Bradley Young

Personal information
- Full name: Bradley Evan Young
- Born: 23 February 1973 (age 53) Adelaide, South Australia
- Batting: Right-handed
- Bowling: Slow left-arm orthodox
- Role: bowler

International information
- National side: Australia;
- ODI debut (cap 138): 18 January 1998 v South Africa
- Last ODI: 13 January 1999 v Sri Lanka

Domestic team information
- 1996/97–2002/03: South Australia

Career statistics
| Competition | ODI | FC | LA | T20 |
| Matches | 6 | 54 | 65 | 5 |
| Runs scored | 31 | 2,119 | 660 | 12 |
| Batting average | 15.50 | 28.63 | 16.50 | 12.00 |
| 100s/50s | 0/0 | 3/8 | 0/1 | 0/0 |
| Top score | 18 | 122 | 56 | 9* |
| Balls bowled | 234 | 13,038 | 2,574 | 108 |
| Wickets | 1 | 141 | 56 | 5 |
| Bowling average | 251.00 | 44.71 | 37.35 | 24.00 |
| 5 wickets in innings | 0 | 5 | 0 | 0 |
| 10 wickets in match | 0 | 0 | 0 | 0 |
| Best bowling | 1/26 | 6/85 | 4/4 | 2/37 |
| Catches/stumpings | 2/– | 44/– | 36/– | 0/– |

Medal record
Representing Australia
Men's Cricket
Commonwealth Games
| Silver medal – second place | 1998 Kuala Lumpur | List-A cricket |
- Source: CricInfo, 4 June 2021

= Brad Young (cricketer) =

Australian cricketer (born 1973)

Bradley Evan Young (born 23 February 1973) is an Australian former cricketer. A left-arm orthodox spinner who was also an aggressive lower order right hand batsman, Young played six One Day Internationals for Australia in the 1998/99 period. Young was selected for Australia at the 1998 Commonwealth Games in Kuala Lumpur, taking a hat trick against New Zealand and winning a silver medal after losing to South Africa in the final.

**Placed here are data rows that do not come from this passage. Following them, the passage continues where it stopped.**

(* With notation as in the context, for each $s\in\{3,4,5,6,7\}$ there is a unique function $h_s:\Delta_s^+\to\{1,\dots,s\}$ such that $h_s(\alpha_s)=s$ and the map $\beta\mapsto v_{h_s(\beta)}$ is an open map of graphs from $\mathsf{H}_s$ to $\mathsf{Dyn}(E_s)$. For $s=8$ there is no function $h:\Delta_8^+\to\{1,\dots,8\}$ with $h(\alpha_8)=8$ such that $\beta\mapsto v_{h(\beta)}$ is an open map from $\mathsf{H}_8$ to $\mathsf{Dyn}(E_8)$.
   Context: Let $\Delta(E_8)$ be the root system of type $E_8$ with simple roots $\alpha_1,\dots,\alpha_8$, where $\langle\alpha_i,\alpha_i\rangle=2$, $\langle\alpha_i,\alpha_j\rangle=-1$ if $\{i,j\}\in\{\{1,3\},\{3,4\},\{4,5\},\{5,6\},\{6,7\},\{7,8\},\{2,4\}\}$, and $0$ otherwise; $\Delta^+$ denotes its positive roots and $\beta=\sum\beta^i\alpha_i$. For $\beta\in\Delta^+$ let $m(\beta)=\max\{i:\beta^i\ne0\}$, and define the strata $\Delta_1^+=\{\alpha_1\}$, $\Delta_3^+=\{\beta\in\Delta^+: m(\beta)\in\{2,3\}\}$, $\Delta_s^+=\{\beta\in\Delta^+: m(\beta)=s\}$ for $4\le s\le 8$. For $3\le s\le8$, $\mathsf{Dyn}(E_s)$ is the graph with vertices $v_1,\dots,v_s$, with $v_i,v_j$ adjacent iff $\langle\alpha_i,\alpha_j\rangle=-1$. $\mathsf{H}_s$ is the graph with vertex set $\Delta_s^+$, where $\beta,\beta'$ are adjacent iff $\beta-\beta'$ or $\beta'-\beta$ is one of the simple roots $\alpha_1,\dots,\alpha_8$. An open map from a graph $P$ to a graph $R$ is a function $h$ from vertices of $P$ to vertices of $R$ which is a graph homomorphism (adjacent vertices go to adjacent vertices) and is locally surjective (for each vertex $u$ of $P$, $h$ maps the set of neighbours of $u$ onto the set of neighbours of $h(u)$). *)

(* Root system E_8 with the paper's 1-based numbering of simple roots. *)
From mathcomp Require Import all_boot all_order all_algebra.
Set Implicit Arguments. Unset Strict Implicit. Unset Printing Implicit Defensive.
Import GRing.Theory Num.Theory.

(* An element beta = sum_i beta^i alpha_i of the positive cone of the root lattice
   is encoded by its coefficient function i |-> beta^i (i in 1..8, zero elsewhere). *)
Definition vec := nat -> nat.

Definition dyn_adj (i j : nat) : bool :=
  [|| ((i, j) == (1, 3)), ((i, j) == (3, 4)), ((i, j) == (4, 5)), ((i, j) == (5, 6)),
      ((i, j) == (6, 7)), ((i, j) == (7, 8)), ((i, j) == (2, 4)),
      ((j, i) == (1, 3)), ((j, i) == (3, 4)), ((j, i) == (4, 5)), ((j, i) == (5, 6)),
      ((j, i) == (6, 7)), ((j, i) == (7, 8)) | ((j, i) == (2, 4))].

Definition form (i j : nat) : int :=
  if i == j then 2%R else if dyn_adj i j then (-1)%R else 0%R.

Definition normsq (b : vec) : int :=
  (\sum_(1 <= i < 9) \sum_(1 <= j < 9) form i j * (b i)%:Z * (b j)%:Z)%R.

Definition supported (b : vec) : Prop := forall i, (i == 0) || (8 < i) -> b i = 0.

(* Positive roots of E_8: nonzero nonnegative combinations of simple roots
   of squared length 2 (E_8 is simply laced). *)
Definition pos_root (b : vec) : Prop :=
  supported b /\ (exists i, b i != 0) /\ normsq b = 2%R.

Definition alpha (k : nat) : vec := fun i => (i == k : nat).

Definition mval (b : vec) (s : nat) : Prop := b s != 0 /\ forall i, s < i -> b i = 0.
Lemma cl_incy u : vmove p u.1 u.2 -> cl (incy u) = cl u.
Proof.
move=> vm; apply: cl_between; first exact/gle_incy/(vmove_lt vm).
exact: incy_gle_stable (gle_cl _) (stable_cl _).
Qed.

Lemma rank_step u : rank (step u) = rank u.
Proof.
rewrite /step /rank; case: ifP => [hm|_].
  by rewrite incx_fst ?(hmove_lt hm) // rk_Sx hm andbF addn0.
case: ifP => [vm|//].
by rewrite incy_snd ?(vmove_lt vm) // rk_Sy vm andbF addn0.
Qed.

Lemma rank_cl u : rank (cl u) = rank u.
Proof. by rewrite /cl; elim: (2 * n).+1 => [//|k IHk]; rewrite iterS rank_step. Qed.

Lemma rank_lt_stable m v : stable m -> gle m v -> m != v -> rank m < rank v.
Proof.
case/andP=> nhm nvm /andP[le1 le2] nemv; rewrite /rank.
have [lt1|] := ltnP m.1 v.1.
  have ltn1 : m.1 < n by have := ltn_ord v.1; lia.
  by apply: leq_trans (rk_mono p lt1 le2); rewrite rk_Sx ltn1 nhm addn1.
move=> ge1; have lt2 : m.2 < v.2.
  rewrite ltn_neqAle le2 andbT; apply: contra_neq nemv => eq2.
  by apply: grid_eq => //; lia.
have ltn2 : m.2 < n by have := ltn_ord v.2; lia.
by apply: leq_trans (rk_mono p le1 lt2); rewrite rk_Sy ltn2 nvm addn1.
Qed.

Lemma rank_le_dist u v : gle u v -> rank v <= rank u + (v.1 - u.1) + (v.2 - u.2).
Proof.
case/andP=> le1 le2; have := rk_addn_le p u.1 u.2 (v.1 - u.1) (v.2 - u.2).
by rewrite !subnKC.
Qed.

End Closure.

Section Congruence.
Variable n : nat.
Implicit Types (r S : {set grid n * grid n}) (x y z : grid n).

Lemma is_jcongP r :
  reflect [/\ forall x, (x, x) \in r,
              forall x y, (x, y) \in r -> (y, x) \in r,
              forall x y z, (x, y) \in r -> (y, z) \in r -> (x, z) \in r &
              forall x y z, (x, y) \in r -> (gjoin x z, gjoin y z) \in r]
          (is_jcong r).
Proof.
apply: (iffP and4P) => [[/forallP refl /forallP sym /forallP trans /forallP join]|].
  split=> [x|x y|x y z|x y z].
  - exact: refl.
  - exact/implyP/(forallP (sym x) y).
  - by move=> xy yz; apply: (implyP (forallP (forallP (trans x) y) z)); rewrite xy.
  - exact/implyP/(forallP (forallP (join x) y) z).
case=> refl sym trans join; split; apply/forallP => x; first exact: refl.
- by apply/forallP => y; apply/implyP; apply: sym.
- by do 2 apply/forallP => ?; apply/implyP => /andP[]; apply: trans.
- by do 2 apply/forallP => ?; apply/implyP; apply: join.
Qed.
(* Let $\Phi=\vec a_1\wedge\cdots\wedge\vec a_m$, and let $\hat\Phi$ be its pruned formula. For $1\le M\le m$ define $$\Delta(M)=\mathbb{E}\left[\log\frac{Z(\hat\Phi_1(M,m-M))}{Z(\hat\Phi_1(M-1,m-M))}\cdot\log\frac{Z(\hat\Phi_2(M,m-M))}{Z(\hat\Phi_2(M-1,m-M))}\right],$$ $$\Delta'(M)=\mathbb{E}\left[\log\frac{Z(\hat\Phi_1(M-1,m-M+1))}{Z(\hat\Phi_1(M-1,m-M))}\cdot\log\frac{Z(\hat\Phi_2(M-1,m-M+1))}{Z(\hat\Phi_2(M-1,m-M))}\right].$$ Then $$\mathrm{Var}[\log Z(\hat\Phi)]=\sum_{M=1}^m\big(\Delta(M)-\Delta'(M)\big).$$
   Context: A 2-CNF is a conjunction of clauses, each the disjunction of two literals on two distinct variables. $Z(\cdot)$ denotes the number of satisfying assignments. Fix $0<d<2$ and $m=m_n\sim dn/2$. A uniformly random clause is drawn uniformly from the $4\binom n2$ clauses on two distinct variables among $x_1,\dots,x_n$. Let $(\vec a_i)_{i\ge1}$, $(\vec a'_i)_{i\ge1}$, $(\vec a''_i)_{i\ge1}$ be mutually independent sequences of independent uniformly random clauses. For integers $M,M'\ge0$ set $$\Phi_1(M,M')=\vec a_1\wedge\cdots\wedge\vec a_M\wedge\vec a'_1\wedge\cdots\wedge\vec a'_{M'},\qquad \Phi_2(M,M')=\vec a_1\wedge\cdots\wedge\vec a_M\wedge\vec a''_1\wedge\cdots\wedge\vec a''_{M'}.$$ Write $\hat\Phi_h(M,M')$ for the pruned formula of $\Phi_h(M,M')$. Pruning is defined as follows. For a 2-CNF $\Psi$ and a set $\mathcal L_0$ of literals, let $\mathcal L(\Psi,\mathcal L_0)$ be the closure of $\mathcal L_0$ under: if $\Psi$ has a clause $l\vee\neg l'$ with $l'\in\mathcal L$, add $l$. Let $\mathcal V_0$ be the set of variables $x$ with both $x,\neg x\in\mathcal L(\Psi,\mathcal L_0)$. The conflict clauses $\mathcal C(\Psi,\mathcal L_0)$ are the clauses of $\Psi$ both of whose variables lie in $\mathcal V_0$. Then $\hat\Psi$ is $\Psi$ with all clauses in $\bigcup_l\mathcal C(\Psi,\{l\})$ removed, $l$ ranging over all literals. Pruned formulas are always satisfiable. *)

From Stdlib Require Import Reals.
From mathcomp Require Import all_boot.
Set Implicit Arguments. Unset Strict Implicit. Unset Printing Implicit Defensive.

Young's final match for Australia ended after he slid into the fence trying to prevent a boundary and needed to be carried from the Sydney Cricket Ground in considerable pain after injuring his leg.

In 1998 and 2001 Young was the professional for Lancashire League team East Lancashire Cricket Club.

On 12 December 2012, Young signed with the Adelaide Strikers, as a replacement for the injured Jon Holland.

Young held the record of the most deliveries needed by an Australian to claim his first One Day International wicket when he took 201 deliveries before being overtaken by Glenn Maxwell in February 2013.